Saturday, February 24, 2007

Mental illness and yellow wallpaper

yellow wallpaperAs the saying goes: “Those who write never need a check-up from the neck up.” The invigorating powers of the page can be utilized to pull people out of their depression. But this hasn’t always been so obvious. Victorian Era doctors treated psychological ailments the same as physical ones with disastrous results. It took a terrifying story of mental collapse, “The Yellow Wallpaper” by Charlotte Perkins Gilman, to help popularize modern therapy.

Tame by today’s standards, when first published the story provoked a physician to respond by stating that “it was enough to drive anyone mad to read it.” For those not familiar with the piece it gives us a glimpse of the journal entries of a woman experiencing a mental breakdown. At first she feels alienated. Her husband, a physician, misdiagnoses her sickness, locking her in a dark nursery away from any social interaction. As the woman sinks deeper into her imaginary world she obsesses about the ugly yellow wallpaper in her room. She sees crepuscular visions in the pattern, a non-linear narrative about toadstools and an encaged woman. By the end, she inhabits these nightmarish visions, irrevocably immersed in her lunacy.

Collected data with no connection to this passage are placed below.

(* An undirected graph $G=(V,E)$ (finite or infinite) has at most one multiplex $M$ with $\widetilde M=V$.
   Context: A graph $G=(V,E)$ has vertex set $V$ and edge set $E\subseteq V^2$; it is undirected if $E$ is irreflexive and symmetric. Implication classes: on $E$ define $(a,b)\Gamma(a',b')$ iff either $a=a'$ and $(b,b')\notin E$, or $b=b'$ and $(a,a')\notin E$; the classes of the transitive closure $\Gamma^*$ are the implication classes. For an implication class $A$, $A^{-1}=\{(b,a):(a,b)\in A\}$ and the color class is $\widehat A=A\cup A^{-1}$. A simplex of rank $r\ge1$ is a complete sub-graph $S=(V_S,E_S)$ of $G$ on $r+1$ vertices whose distinct undirected edges lie in distinct color classes. A multiplex is a set of edges of the form $M(S)=\bigcup\{\widehat A:\widehat A\text{ a color class},\ \widehat A\cap E_S\neq\emptyset\}$ for a simplex $S$; $\widetilde M$ is the set of vertices spanned by $M$. *)

From Stdlib Require Import List Relations.
Import ListNotations.

Section Graphs.
Variable V : Type.
Variable E : V -> V -> Prop.

Definition undirected : Prop :=
  (forall a, ~ E a a) /\ (forall a b, E a b -> E b a).

Definition Gamma (e f : V * V) : Prop :=
  E (fst e) (snd e) /\ E (fst f) (snd f) /\
  ((fst e = fst f /\ ~ E (snd e) (snd f)) \/
   (snd e = snd f /\ ~ E (fst e) (fst f))).

(* Gamma* : transitive closure; its classes are the implication classes. *)
Definition Gamma_star : V * V -> V * V -> Prop := clos_trans (V * V) Gamma.

(* color_class a b x y : (x,y) lies in the color class A ∪ A^{-1},
   where A is the implication class of the edge (a,b). *)
Definition color_class (a b x y : V) : Prop :=
  Gamma_star (a, b) (x, y) \/ Gamma_star (a, b) (y, x).

(* A simplex of rank r >= 1, given by its list of r+1 distinct vertices. *)
Definition simplex (s : list V) : Prop :=
  NoDup s /\ 2 <= length s /\
  (forall x y, In x s -> In y s -> x <> y -> E x y) /\
  (forall x y u v, In x s -> In y s -> In u s -> In v s ->
     x <> y -> u <> v -> color_class x y u v ->
     (x = u /\ y = v) \/ (x = v /\ y = u)).

Definition multiplex_of (s : list V) (x y : V) : Prop :=
  exists u v, In u s /\ In v s /\ u <> v /\ color_class u v x y.

Definition is_multiplex (M : V -> V -> Prop) : Prop :=
  exists s, simplex s /\ forall x y, M x y <-> multiplex_of s x y.

Definition spanned (M : V -> V -> Prop) (z : V) : Prop :=
  exists w, M z w \/ M w z.
Lemma back_and_forth n (W : nat -> set ('I_n -> ncar N -> ncar N)) g e :
  (forall k, N_open (W k)) -> 0 < e -> nbd (XN n) e g ->
  (forall L k, nbd (basic f n L) e g -> nbd (basic f n L `&` W k) e g) ->
  exists s hs, [/\ XN n s, (forall k, W k s), XM n hs,
    (forall i, extends iota (hs i) (s i)) & forall i, udist (g i) (hs i) <= e].
Proof.
move=> oW e0 gXN gW.
pose Next (p : nat * seq (nat * nat * nat)) L' := nbd (basic f n p.2) e g ->
  [/\ nbd (basic f n L') e g, basic f n L' `<=` basic f n p.2 `&` W p.1 & covers f n p.1 L'].
have next_ex p : exists L', Next p L'.
  case: p => k L; have [gL|ngL] := pselect (nbd (basic f n L) e g); last by exists L => /ngL.
  by have [L' HL'] := back_and_forth_step k (oW k) (gW L k gL); exists L'.
have [next Hnext] := choice next_ex.
pose Ls := nat_rect (fun _ => seq (nat * nat * nat)) [::] (fun k L => next (k, L)).
have Ls_nbd k : nbd (basic f n (Ls k)) e g.
  elim: k => [|k IH]; last by case: (Hnext (k, Ls k) IH).
  by apply: eps_nbhd_extnS gXN => t Xt; split.
have Ls_next k := Hnext (k, Ls k) (Ls_nbd k).
have Ls_sub k : basic f n (Ls k.+1) `<=` basic f n (Ls k) `&` W k by case: (Ls_next k).
have Ls_covers k : covers f n k (Ls k.+1) by case: (Ls_next k).
have Ls_nonempty k : basic f n (Ls k) !=set0.
  by have [_ [_ [_ [ss Bss _]] _]] := Ls_nbd k; exists ss.
have [s Hs] := basic_limit (fun k t Bt => (Ls_sub k t Bt).1) Ls_covers Ls_nonempty.
have Xs := (Hs 0%N).1; have [hs [Xhs Ehs]] := extn_exists Xs.
exists s, hs; split=> // [k|i].
  by case: (Ls_sub k s (Hs k.+1)).
apply: udist_le (ltW e0) _ => x; apply/ler_addgt0Pr => eta eta0.
have [y Hy] := @iota_dense x (eta / 2) ltac:(lra).
have [_ [hs' [Xhs' [s' [Xs' s'L] Es']] Hl']] := Ls_nbd (f y).+1.
have s'_s : s' i y = s i y := covers_agree (Ls_covers (f y)) erefl s'L (Hs _).2 i.
have := le_udist Hb (g i) (hs' i) x; have := Hl' i.
have := mdist_triangle Hm (g i x) (hs' i x) (hs i x).
have := isometry_dist_shift Hm x (iota y) (autM_isometry (Xhs' i)) (autM_isometry (Xhs i)).
by rewrite Es' Ehs s'_s (mdist_xx Hm); lra.
Qed.

Lemma dclosure_extnS n (A A' : set ('I_n -> ncar N -> ncar N)) :
  A `<=` A' -> dclosure (Ext A) `<=` dclosure (Ext A').
Proof.
move=> AA' g [Xg Hg]; split => // e /Hg [hs [Xhs [ss /AA' A'ss Ess]] Hl].
by exists hs => //; split => //; exists ss.
Qed.
Definition qlim (R : realType) (u : nat -> nat) : R :=
  limn_sup (fun n => ((a_ratio u n)%:R : R)).

Definition Sstar (R : realType) (u : nat -> nat) : set nat :=
  [set m | (a_ratio u m)%:R = qlim R u].

Definition dnorm (R : realType) (x : R) : R :=
  Num.min (x - (Num.floor x)%:~R) ((Num.floor x)%:~R + 1 - x).

(* rho_u(x,0) = sup_n max{ ||x||, ||u_n x|| }; points of T = R/Z are
   represented by their representatives in [0,1). *)
Definition rho0 (R : realType) (u : nat -> nat) (x : R) : R :=
  sup [set Num.max (dnorm x) (dnorm ((u n)%:R * x)) | n in [set: nat]].

Definition torus (R : realType) : set R := [set x | 0 <= x < 1].

From HB Require Import structures.
From mathcomp Require Import all_boot all_order all_algebra.
From mathcomp Require Import all_classical all_reals all_analysis.
From mathcomp Require Import ring lra zify.
Set Implicit Arguments. Unset Strict Implicit. Unset Printing Implicit Defensive.
Import Order.TTheory GRing.Theory Num.Theory.
Local Open Scope classical_set_scope.
Local Open Scope ring_scope.

(* For a strictly increasing s with q_(s j) = q_u for all j, consider the
   alternating series x = sum_j (-1)^j / u_(s j).  For s_(j0-1) <= n < s_(j0),
   u_n x is an integer plus the alternating tail sum_(j >= j0) (-1)^j u_n / u_(s j),
   whose first term u_n / u_(s j0) is at most 1/q_u; hence rho_u(x, 0) <= 1/q_u.
   When the gaps of s grow, taking n = s_j - 1 makes the distance tend to 1/q_u;
   when the gaps are bounded and the ratios bounded, the second tail term stays
   bounded below, keeping every distance uniformly below 1/q_u.  Choosing
   s j = p (2j + b j) along a subsequence p of S*_u, with b ranging over the
   binary sequences, yields continuum many such points x. *)

Section NearestInteger.
Variable R : realType.
Implicit Types (t : R) (k : int).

This is loosely based on true events in Gilman’s life. She in reality had melancholia and her doctor at the time instructed her to avoid people, try not to engage in matters intellectual and above all never write again. After following the doctor’s orders she noticed her condition hadn‘t improved, instead the opposite was painfully true. Disregarding the physician’s misdirection, Gilman discovered her own cure, subsequently retelling a fictionalized account of her ordeal in “The Yellow Wallpaper”.

Upon it’s publication in 1891 she received instantaneous praise. One specialist wrote to say it was “the best description of incipient insanity“ he had ever read. There is even a case of a woman with the same disease who was cured after heeding the advice prescribed by Gilman‘s cautionary tale.

As for the author’s doctor who almost led her into mental ruin, Gilman sent him a copy of the story but he never replied. However, she heard years later that he augmented his treatment of the illness, after being one of many to realize the differences between physical and mental afflictions.